By: Mike Rose, Chamberlain Bauder, and Chandler Bland
The date March 12, 2020 will forever be remembered by college athletes across the country. Due to COVID-19, all winter and spring NCAA championships were cancelled that day. The Brockport men’s basketball team was just two days away from taking on Tufts University in the Sweet Sixteen of the NCAA Division III men’s basketball tournament when the news came down. Head Coach Greg Dunne remembers that day well.
“Even though it was a long time ago now, I remember it vividly. Once I got over the ‘woe is me, why did this happen to us’ initial reaction, and you go ‘wait a second us this is happening to the world.’ So, you got to get over yourself a little bit. It was an unfortunate thing because I really thought we had the type of team that could’ve potentially won a national championship that year,” Dunne said.
The season would end with the Golden Eagles on a 19-game winning streak, tied for the longest in school history. The team finished with a record of 26-3 overall. Brockport not only lost an opportunity for a championship, but the entire following season was cancelled due to the pandemic. By the time basketball returned, very little remained from that powerhouse team of 2020. Now three years later, Brockport seniors Davonte Jones and Jahidi Wallace are the only players remaining from that season. Wallace was a sophomore who started all but one game for the 2019-20 team. Jones was a junior role player off the bench.
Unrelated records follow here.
(* Let $\mathcal{M}=\{(x,y,z):x^2+y^2=1\}$ be the cylinder in $\mathbb{R}^3$ and let $G\to G'$ be a vertex-to-$K_4$ move. If $G$ is generically infinitesimally rigid on $\mathcal{M}$, then $G'$ is generically infinitesimally rigid on $\mathcal{M}$ (that is, the vertex-to-$K_4$ move on the cylinder preserves generic infinitesimal rigidity).
   Context: Vertex-to-$K_4$ move: replace a vertex $v$ of a simple graph by a copy of $K_4$ on four new vertices, each edge $xv$ being replaced by $xw$ for some arbitrarily chosen vertex $w$ of the $K_4$. For a framework $(G,p)$ on $\mathcal{M}$ ($p=(p_1,\dots,p_n)\in\mathcal{M}^n$), the rigidity matrix $R_{\mathcal{M}}(G,p)$ is the $(|E|+|V|)\times 3|V|$ matrix whose row for edge $v_iv_j$ has $p_i-p_j$ in the column triple of $v_i$ and $p_j-p_i$ in that of $v_j$, and whose row for vertex $v_i$ has the normal $N(p_i)=(2x_i,2y_i,0)$ in the triple of $v_i$; its kernel is the space of infinitesimal flexes. Rigid motion flexes are those induced by infinitesimal isometries of $\mathbb{R}^3$ tangential to $\mathcal{M}$ everywhere; $(G,p)$ is infinitesimally rigid if every infinitesimal flex is a rigid motion flex. $(G,p)$ is generic if any rational-coefficient polynomial in the coordinates vanishing at $p$ lies in the ideal generated by $X_i^2+Y_i^2-1$. A graph is generically infinitesimally rigid on $\mathcal{M}$ if its generic frameworks on $\mathcal{M}$ are infinitesimally rigid. *)

From HB Require Import structures.
From mathcomp Require Import all_boot all_order all_algebra.
From mathcomp Require Import reals.
From mathcomp Require Import mpoly.

Set Implicit Arguments.
Unset Strict Implicit.
Unset Printing Implicit Defensive.

Import Order.TTheory GRing.Theory Num.Theory.
Local Open Scope ring_scope.

(* Points of R^3 are row vectors 'rV[R]_3; coordinates 0,1,2 are x,y,z. *)

Section Rigidity.
Variable R : realType.

Definition dot3 (a b : 'rV[R]_3) : R := \sum_(c < 3) a 0 c * b 0 c.

Definition on_cyl (a : 'rV[R]_3) : Prop := a 0 0 ^+ 2 + a 0 1 ^+ 2 = 1.

Definition cyl_normal (a : 'rV[R]_3) : 'rV[R]_3 :=
  \row_(c < 3) (if c == 0 then 2 * a 0 0 else if c == 1 then 2 * a 0 1 else 0).

Variable V : finType.

(* u is in the kernel of the rigidity matrix R_M(G,p): the row of edge v_iv_j
   applied to u is (p_i - p_j).u_i + (p_j - p_i).u_j, and the row of vertex v_i
   applied to u is N(p_i).u_i. *)
Definition inf_flex (e : rel V) (p u : V -> 'rV[R]_3) : Prop :=
  (forall i j, e i j -> dot3 (p i - p j) (u i) + dot3 (p j - p i) (u j) = 0) /\
  (forall i, dot3 (cyl_normal (p i)) (u i) = 0).

(* infinitesimal isometries of R^3: x |-> x A + b with A skew-symmetric *)
Definition inf_isometry (A : 'M[R]_3) : Prop := A^T = - A.

Definition tangential_to_cyl (A : 'M[R]_3) (b : 'rV[R]_3) : Prop :=
  forall x : 'rV[R]_3, on_cyl x -> dot3 (cyl_normal x) (x *m A + b) = 0.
“We had each other’s back and we had a certain swag about us. When we got on the winning streak, we felt like we couldn’t lose,” Wallace said. Jones continued, “It was just the vibe was so good. It was good knowing these are my brothers, the vibe is good every single person, we love each other. It just made the ride even better; we just locked in and trusted each other,” Jones said.
Brockport had enjoyed a three-year run prior to the COVID season cancellation of three consecutive trips to the SUNYAC finals, as well as two trips to the NCAA Tournament. Since returning post-COVID, Brockport has yet to make an NCAA Tournament appearance.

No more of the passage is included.